Inovasi “Peningkatan Literasi Digital Nelayan Kecil Kota Pekalongan Berbasis Media Kreatif” merupakan langkah strategis Dinas Kelautan dan Perikanan Kota Pekalongan dalam menjawab tantangan rendahnya kemampuan literasi digital di kalangan nelayan kecil. Permasalahan utama yang melatarbelakangi inovasi ini adalah masih terbatasnya pemahaman nelayan terhadap pemanfaatan teknologi informasi, khususnya dalam penggunaan aplikasi SIAPKAN yang dikembangkan untuk mempercepat dan mempermudah pelayanan publik secara digital.Sebagai bentuk implementasi dari Peraturan Daerah Kota Pekalongan Nomor 5 Tahun 2025 tentang RPJMD Tahun 2025–2029, inovasi ini berorientasi pada isu strategis yaitu Isu strategis RPJMD Kota Pekalongan yang menjadi dasar inovasi ini adalah “Kualitas Sumber Daya Manusia”. Isu strategis kualitas sumber daya manusia selaras dengan isu global pembangunan berkelanjutan, yaitu 1) menjamin kualitas pendidikan yang inklusif dan merata; 2) meningkatkan kesempatan belajar sepanjang hayat untuk semua; serta 3) menjamin kehidupan yang sehat dan meningkatkan kesejahteraan seluruh penduduk semua usia. Inovasi ini juga berkontribusi terhadap pencapaian salah satu misi pembangunan Kota Pekalongan 2025 – 2045 yaitu “Penyelenggarakan Transformasi Tata Kelola Pemerintahan Digital yang Akuntabel, Transparan, Berintegritas, Tangkas dan Kolaboratif”. Melalui pendekatan media kreatif berupa video tutorial dan infografis interaktif, nelayan kecil dapat mengakses informasi kapan saja dan di mana saja, sehingga proses pembelajaran menjadi lebih fleksibel dan berkelanjutan.Rancang bangun inovasi ini meliputi beberapa tahapan utama, yaitu perumusan ide, pengembangan konsep, produksi media, uji coba, sosialisasi, implementasi, serta monitoring dan evaluasi.
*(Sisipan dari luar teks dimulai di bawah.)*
(* Fix $\Lambda_0,\dots,\Lambda_{N-1}\ge0$ with a unique minimizer $j_\star$ ($\Lambda_j>\Lambda_{j_\star}$ for $j\ne j_\star$), fix $\boldsymbol\Gamma^{(1)}$ irreducible, and for $\theta>0$ let $-\mu(\theta)$ be the largest eigenvalue of $\theta\boldsymbol\Theta^{(1)}-\boldsymbol\Psi$ and $-\lambda(\theta)$ the largest eigenvalue of $\theta\boldsymbol\Gamma^{(1)}-\mathrm{diag}(\Lambda_j)$. Then as $\theta\to0$, $$\mu(\theta)=2\Lambda_{j_\star}+2\theta\sum_{j\neq j_\star}\Gamma^{(1)}_{jj_\star}-4\theta^2\sum_{j\neq j_\star}\frac{(\Gamma^{(1)}_{jj_\star})^2}{\Lambda_j-\Lambda_{j_\star}}+O(\theta^3),$$ the corresponding unit eigenvector is $\mathbf W^{(0)}+\theta\mathbf W^{(1)}+O(\theta^2)$ with $W^{(0)}_{jl}=\delta_{jj_\star}\delta_{lj_\star}$, $W^{(1)}_{j_\star l}=2\Gamma^{(1)}_{j_\star l}/(\Lambda_l-\Lambda_{j_\star})$ for $l>j_\star$, $W^{(1)}_{jj_\star}=2\Gamma^{(1)}_{jj_\star}/(\Lambda_j-\Lambda_{j_\star})$ for $j<j_\star$, and $W^{(1)}_{jl}=0$ otherwise; and $$\mu(\theta)-2\lambda(\theta)=-2\theta^2\sum_{j\neq j_\star}\frac{(\Gamma^{(1)}_{jj_\star})^2}{\Lambda_j-\Lambda_{j_\star}}+O(\theta^3),$$ which is negative for $\theta$ small enough.
   Context: Let $N\ge 2$. Let $\boldsymbol\Gamma^{(1)}=(\Gamma^{(1)}_{jl})_{j,l=0}^{N-1}$ be a real symmetric matrix with $\Gamma^{(1)}_{jl}\ge 0$ for $j\neq l$ and $\Gamma^{(1)}_{jj}=-\sum_{l\neq j}\Gamma^{(1)}_{jl}$; it is called irreducible if the graph on $\{0,\dots,N-1\}$ with an edge between $j\neq l$ whenever $\Gamma^{(1)}_{jl}>0$ is connected. Let $\mathcal T_N=\{(j,l)\in\mathbb N^2:0\le j\le l\le N-1\}$; for $\mathbf S\in\mathbb R^{\mathcal T_N}$, $S_{jl}$ with $j>l$ means $S_{lj}$. Define $(\boldsymbol\Psi\mathbf S)_{jl}=(\Lambda_j+\Lambda_l)S_{jl}$ and $(\boldsymbol\Theta^{(1)}\mathbf S)_{jl}=2\Gamma^{(1)}_{jl}\mathbf 1_{j\neq l}(S_{jj}+S_{ll}-2S_{jl})+\sum_{n\notin\{j,l\}}[\Gamma^{(1)}_{ln}(S_{jn}-S_{jl})+\Gamma^{(1)}_{jn}(S_{nl}-S_{jl})]$. *)

From Stdlib Require Import Reals Lra Arith Bool.
Open Scope R_scope.

Fixpoint sumN (n : nat) (f : nat -> R) : R :=
  match n with
  | O => 0
  | S m => sumN m f + f m
  end.

(* Vectors in R^{T_N} are represented as S : nat -> nat -> R, of which only the
   entries S j l with j <= l < N matter; symm S j l reads S_{jl} with the
   convention S_{jl} = S_{lj} for j > l. *)
Definition symm (S : nat -> nat -> R) (j l : nat) : R :=
  if Nat.leb j l then S j l else S l j.

Definition sumT (N : nat) (f : nat -> nat -> R) : R :=
  sumN N (fun j => sumN N (fun l => if Nat.leb j l then f j l else 0)).

Definition normT (N : nat) (S : nat -> nat -> R) : R :=
  sqrt (sumT N (fun j l => (S j l) ^ 2)).

Definition gamma_ok (N : nat) (G : nat -> nat -> R) : Prop :=
  (forall j l, (j < N)%nat -> (l < N)%nat -> G j l = G l j) /\
  (forall j l, (j < N)%nat -> (l < N)%nat -> j <> l -> 0 <= G j l) /\
  (forall j, (j < N)%nat ->
     G j j = - sumN N (fun l => if Nat.eqb l j then 0 else G j l)).

Inductive reach (N : nat) (G : nat -> nat -> R) (j : nat) : nat -> Prop :=
  | reach_refl : reach N G j j
  | reach_step : forall m l, reach N G j m -> (m < N)%nat -> (l < N)%nat ->
      m <> l -> 0 < G m l -> reach N G j l.

Definition irreducible (N : nat) (G : nat -> nat -> R) : Prop :=
  forall j l, (j < N)%nat -> (l < N)%nat -> reach N G j l.

Definition PsiOp (Lam : nat -> R) (S : nat -> nat -> R) (j l : nat) : R :=
  (Lam j + Lam l) * symm S j l.

Definition ThetaOp (N : nat) (G : nat -> nat -> R) (S : nat -> nat -> R)
  (j l : nat) : R :=
  2 * G j l * (if Nat.eqb j l then 0 else 1)
    * (symm S j j + symm S l l - 2 * symm S j l)
  + sumN N (fun n =>
      if orb (Nat.eqb n j) (Nat.eqb n l) then 0
      else G l n * (symm S j n - symm S j l) + G j n * (symm S n l - symm S j l)).

Definition opT (N : nat) (G : nat -> nat -> R) (Lam : nat -> R) (theta : R)
  (S : nat -> nat -> R) (j l : nat) : R :=
  theta * ThetaOp N G S j l - PsiOp Lam S j l.

Definition is_eigvecT (N : nat) (A : (nat -> nat -> R) -> nat -> nat -> R)
  (nu : R) (S : nat -> nat -> R) : Prop :=
  (exists j l, (j <= l)%nat /\ (l < N)%nat /\ S j l <> 0) /\
  (forall j l, (j <= l)%nat -> (l < N)%nat -> A S j l = nu * S j l).

Definition is_eigT N A nu : Prop := exists S, is_eigvecT N A nu S.

Definition is_eigN (N : nat) (G : nat -> nat -> R) (Lam : nat -> R) (theta nu : R)
  : Prop :=
  exists v : nat -> R,
    (exists j, (j < N)%nat /\ v j <> 0) /\
    (forall j, (j < N)%nat ->
       theta * sumN N (fun l => G j l * v l) - Lam j * v j = nu * v j).

Definition is_largest (P : R -> Prop) (nu : R) : Prop :=
  P nu /\ forall nu', P nu' -> nu' <= nu.

Definition W0 (js : nat) (j l : nat) : R :=
  if andb (Nat.eqb j js) (Nat.eqb l js) then 1 else 0.

Definition W1 (G : nat -> nat -> R) (Lam : nat -> R) (js : nat) (j l : nat) : R :=
  if andb (Nat.eqb j js) (Nat.ltb js l) then 2 * G js l / (Lam l - Lam js)
  else if andb (Nat.eqb l js) (Nat.ltb j js) then 2 * G j js / (Lam j - Lam js)
  else 0.

Definition sumG (N : nat) (G : nat -> nat -> R) (js : nat) : R :=
  sumN N (fun j => if Nat.eqb j js then 0 else G j js).

Definition sumH (N : nat) (G : nat -> nat -> R) (Lam : nat -> R) (js : nat) : R :=
  sumN N (fun j => if Nat.eqb j js then 0 else (G j js) ^ 2 / (Lam j - Lam js)).

From Stdlib Require Import Reals Lra Lia Classical.
From mathcomp Require all_boot all_order all_algebra Rstruct polyrcf ring lra.
Open Scope R_scope.

(** Both operators have the form [theta * L - diag(d)], where [d] has a unique minimum
    at an index [star], with gap [g], and [L] is linear and bounded in the sup norm.
    Section [Perturbation] treats this situation in general:
    - a maximal-entry argument shows that an eigenvalue above [-d star - g/2] lies
      within [theta * B] of [-d star] and that its eigenvectors are dominated by
      their [star] entry;
    - normalizing that entry to [1], the eigen equation yields order by order the
      eigenvector [unit_star + theta * correction + O(theta^2)] and the eigenvalue
      [-d star + theta (L unit_star)_star + theta^2 (L correction)_star + O(theta^3)];
    - such an eigenvalue exists, hence is the largest one: in finite coordinates
      [det(diag(nu + d) - t E)] is polynomial in [t] and in [nu], no eigenvalue
      crosses the ends of the window [-d star -+ g/2] while [t] grows from [0] to
      [theta], and the intermediate value theorem applies (module [Continuation]).
    The theorem follows by instantiating this twice -- on [T_N], coded into
    [{0, ..., N*N - 1}], with [L = Theta^(1)], [d = Lambda_j + Lambda_l],
    [star = (js, js)], and on [{0, ..., N-1}] with [L = Gamma^(1)], [d = Lambda],
    [star = js] -- and computing the coefficients; irreducibility of [Gamma^(1)]
    makes the [theta^2] coefficient of [mu - 2 lambda] negative. *)

Definition coord_eigen (K : nat) (d : nat -> R) (E : nat -> nat -> R)
  (t nu : R) (v : nat -> R) : Prop :=
  forall k, (k < K)%nat -> t * sumN K (fun k' => E k k' * v k') - d k * v k = nu * v k.

Definition coord_nonzero (K : nat) (v : nat -> R) : Prop :=
  exists k, (k < K)%nat /\ v k <> 0.

(** Existence of an eigenvalue in a window, by continuation in the coupling [t]. *)
Module Continuation.
Import all_boot all_order all_algebra Rstruct polyrcf ring lra.
Import GRing.Theory Num.Theory Order.TTheory.

Section Determinants.
Local Open Scope ring_scope.
Variables (K : nat) (d : nat -> R) (E : nat -> nat -> R).

Lemma sumN_big (f : nat -> R) : sumN K f = \sum_(i < K) f i.
Proof. by elim: K => [|n IH]; rewrite ?big_ord0 // big_ord_recr /= IH. Qed.

Definition shift_mx (t nu : R) : 'M[R]_K :=
  \matrix_(i, j) ((i == j)%:R * (nu + d i) - t * E i j).

Lemma kernel_of_det0 t nu : \det (shift_mx t nu) = 0 ->
  exists v, coord_nonzero K v /\ coord_eigen K d E t nu v.
Proof.
rewrite -det_tr => /eqP/det0P [w wn0 hw].
pose v k := if (insub k : option 'I_K) is Some i then w 0 i else 0.
have vE (i : 'I_K) : v i = w 0 i by rewrite /v valK.
exists v; split.
  apply: NNPP => hn; apply/negP: wn0; apply/negPn/eqP/rowP => i.
  rewrite mxE -vE; apply: NNPP => hi; apply: hn; exists i; split => //.
  exact/ssrnat.ltP.
move=> k /ssrnat.ltP hk; pose i := Ordinal hk.
have /= := congr1 (fun M : 'M[R]_(1, K) => M 0 i) hw; rewrite !mxE => hrow.
have hsum : \sum_(j < K) w 0 j * (shift_mx t nu)^T j i =
    w 0 i * (nu + d i) - t * \sum_(j < K) E i j * w 0 j.
  under eq_bigr => j _ do rewrite !mxE mulrBr.
  rewrite sumrB mulr_sumr (bigD1 i) //= eqxx mul1r big1 ?addr0; last first.
    by move=> j /negbTE; rewrite eq_sym => ->; rewrite mul0r mulr0.
  by congr (_ - _); apply: eq_bigr => j _; ring.
rewrite sumN_big (eq_bigr (fun j : 'I_K => E i j * w 0 j)); last by move=> j _; rewrite vE.
rewrite -(vE i) in hsum; rewrite hrow in hsum.
change (t * \sum_(j < K) E i j * w 0 j - d i * v i = nu * v i).
lra.
Qed.

Definition det_in_t (nu : R) : {poly R} :=
  \det (\matrix_(i < K, j < K) (((i == j)%:R * (nu + d i))%:P - 'X * (E i j)%:P)).

Lemma det_in_tE nu t : (det_in_t nu).[t] = \det (shift_mx t nu).
Proof.
rewrite /det_in_t -horner_evalE -det_map_mx; congr (\det _); apply/matrixP => i j.
by rewrite !mxE /= horner_evalE !hornerE.
Qed.

Definition det_in_nu (t : R) : {poly R} :=
  \det (\matrix_(i < K, j < K) ((i == j)%:R *: ('X + (d i)%:P) - (t * E i j)%:P)).

Lemma det_in_nuE t nu : (det_in_nu t).[nu] = \det (shift_mx t nu).
Proof.
rewrite /det_in_nu -horner_evalE -det_map_mx; congr (\det _); apply/matrixP => i j.
by rewrite !mxE /= horner_evalE !hornerE.
Qed.

Lemma det_shift_mx0 nu : \det (shift_mx 0 nu) = \prod_(i < K) (nu + d i).
Proof.
have -> : shift_mx 0 nu = diag_mx (\row_i (nu + d i)).
  apply/matrixP => i j; rewrite !mxE mul0r subr0.
  by case: eqP => [->|_]; rewrite ?mul1r ?mulr1n ?mul0r ?mulr0n.
by rewrite det_diag; apply: eq_bigr => i _; rewrite mxE.
Qed.

Lemma det_sign_persists nu th : 0 <= th ->
  (forall t, 0 <= t <= th -> \det (shift_mx t nu) != 0) ->
  0 < \det (shift_mx 0 nu) * \det (shift_mx th nu).
Proof.
move=> hth hnz; rewrite ltNge; apply/negP => hle.
rewrite -!det_in_tE in hle; have [t ht /rootP rt] := polyrcf.poly_ivt hth hle.
move: ht; rewrite in_itv /= => /(hnz t).
by rewrite -det_in_tE rt eqxx.
Qed.

Lemma det_root_between th lo hi : lo <= hi ->
  \det (shift_mx th lo) * \det (shift_mx th hi) <= 0 ->
  exists2 nu, lo <= nu <= hi & \det (shift_mx th nu) = 0.
Proof.
move=> hlohi; rewrite -!det_in_nuE => /(polyrcf.poly_ivt hlohi) [nu hnu /rootP rnu].
by exists nu; [move: hnu; rewrite in_itv | rewrite -det_in_nuE].
Qed.

Lemma det_shift_mx0_sign lo hi k0 : (k0 < K)%N -> lo + d k0 < 0 < hi + d k0 ->
  (forall k, (k < K)%N -> k != k0 -> 0 < lo + d k) -> lo <= hi ->
  \det (shift_mx 0 lo) * \det (shift_mx 0 hi) < 0.
Proof.
move=> hk0 /andP [hlo hhi] hoth hlohi; rewrite !det_shift_mx0.
have plo : \prod_(i < K) (lo + d i) < 0.
  rewrite (bigD1 (Ordinal hk0)) //= pmulr_llt0 //.
  by apply: prodr_gt0 => i; rewrite -val_eqE /= => ne; apply: hoth.
have phi : 0 < \prod_(i < K) (hi + d i).
  apply: prodr_gt0 => i _; have [e|ne] := eqVneq (i : nat) k0; first by rewrite e.
  by apply: (lt_le_trans (hoth _ (ltn_ord i) ne)); rewrite lerD2r.
by rewrite pmulr_llt0.
Qed.

End Determinants.

Lemma eigenvalue_continuation (K : nat) (d : nat -> R) (E : nat -> nat -> R)
  (lo hi th : R) (k0 : nat) :
  lo <= hi -> 0 <= th ->
  (forall t nu v, 0 <= t <= th -> (nu = lo \/ nu = hi) ->
     coord_eigen K d E t nu v -> forall k, (k < K)%coq_nat -> v k = 0) ->
  (k0 < K)%coq_nat -> lo + d k0 < 0 < hi + d k0 ->
  (forall k, (k < K)%coq_nat -> k <> k0 -> 0 < lo + d k) ->
  exists nu, lo <= nu <= hi /\
    exists v, coord_nonzero K v /\ coord_eigen K d E th nu v.
Proof.
move=> /RleP hlohi /RleP hth Hker /ssrnat.ltP hk0 [/RltP hlo /RltP hhi] hoth.
have nonvanish t nu : (0 <= t <= th)%R -> nu = lo \/ nu = hi -> (\det (shift_mx K d E t nu) != 0)%R.
  move=> /andP [/RleP h0 /RleP h1] hnu; apply/eqP => /kernel_of_det0 [v [[k [hk hv]] hev]].
  by apply: hv; apply: (Hker t nu v _ hnu hev).
have persist nu : nu = lo \/ nu = hi -> (0 < \det (shift_mx K d E 0 nu) * \det (shift_mx K d E th nu))%R.
  by move=> hnu; apply: det_sign_persists => // t ht; apply: nonvanish.
have sign0 : (\det (shift_mx K d E 0 lo) * \det (shift_mx K d E 0 hi) < 0)%R.
  apply: (@det_shift_mx0_sign K d E lo hi k0 hk0) => //; first by rewrite hlo hhi.
  by move=> k /ssrnat.ltP hk /eqP ne; apply/RltP; apply: hoth.
have signth : (\det (shift_mx K d E th lo) * \det (shift_mx K d E th hi) <= 0)%R.
  have := persist lo (or_introl erefl); have := persist hi (or_intror erefl).
  move: sign0; nra.
have [nu /andP [/RleP h1 /RleP h2] /kernel_of_det0 hv] := @det_root_between K d E th lo hi hlohi signth.
by exists nu; split.
Qed.

End Continuation.

Lemma abs_le_inv x a : Rabs x <= a -> - a <= x <= a.
Proof. unfold Rabs; destruct (Rcase_abs x); intros; lra. Qed.

Lemma sumN_ext n f h : (forall k, (k < n)%nat -> f k = h k) -> sumN n f = sumN n h.
Proof.
  induction n as [|n IH]; intros H; simpl; [reflexivity|].
  rewrite IH, (H n); [reflexivity|lia|intros k Hk; apply H; lia].
Qed.

Lemma sumN_plus n f h : sumN n (fun k => f k + h k) = sumN n f + sumN n h.
Proof. induction n as [|n IH]; simpl; [lra|rewrite IH; lra]. Qed.

Lemma sumN_scal n c f : sumN n (fun k => c * f k) = c * sumN n f.
Proof. induction n as [|n IH]; simpl; [lra|rewrite IH; lra]. Qed.

Lemma sumN_le n f h : (forall k, (k < n)%nat -> f k <= h k) -> sumN n f <= sumN n h.
Proof.
  induction n as [|n IH]; intros H; simpl; [lra|].
  assert (h1 := IH (fun k hk => H k ltac:(lia))). assert (h2 := H n ltac:(lia)). lra.
Qed.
Dalam pelaksanaannya, Dinas Kelautan dan Perikanan berkolaborasi dengan berbagai pihak, termasuk kelompok nelayan dan tim teknis IT, guna memastikan konten yang dihasilkan sesuai dengan kebutuhan dan karakteristik pengguna sasaran.Melalui inovasi ini, diharapkan nelayan kecil memiliki kemampuan digital yang memadai untuk mengakses layanan publik, memahami regulasi, dan mengelola informasi hasil tangkapan secara mandiri. Selain meningkatkan efisiensi pelayanan publik, inovasi ini juga memperkuat transformasi digital sektor kelautan dan perikanan, mendukung misi Pemerintah Kota Pekalongan dalam mewujudkan masyarakat nelayan yang produktif, adaptif, dan berdaya saing di era digital.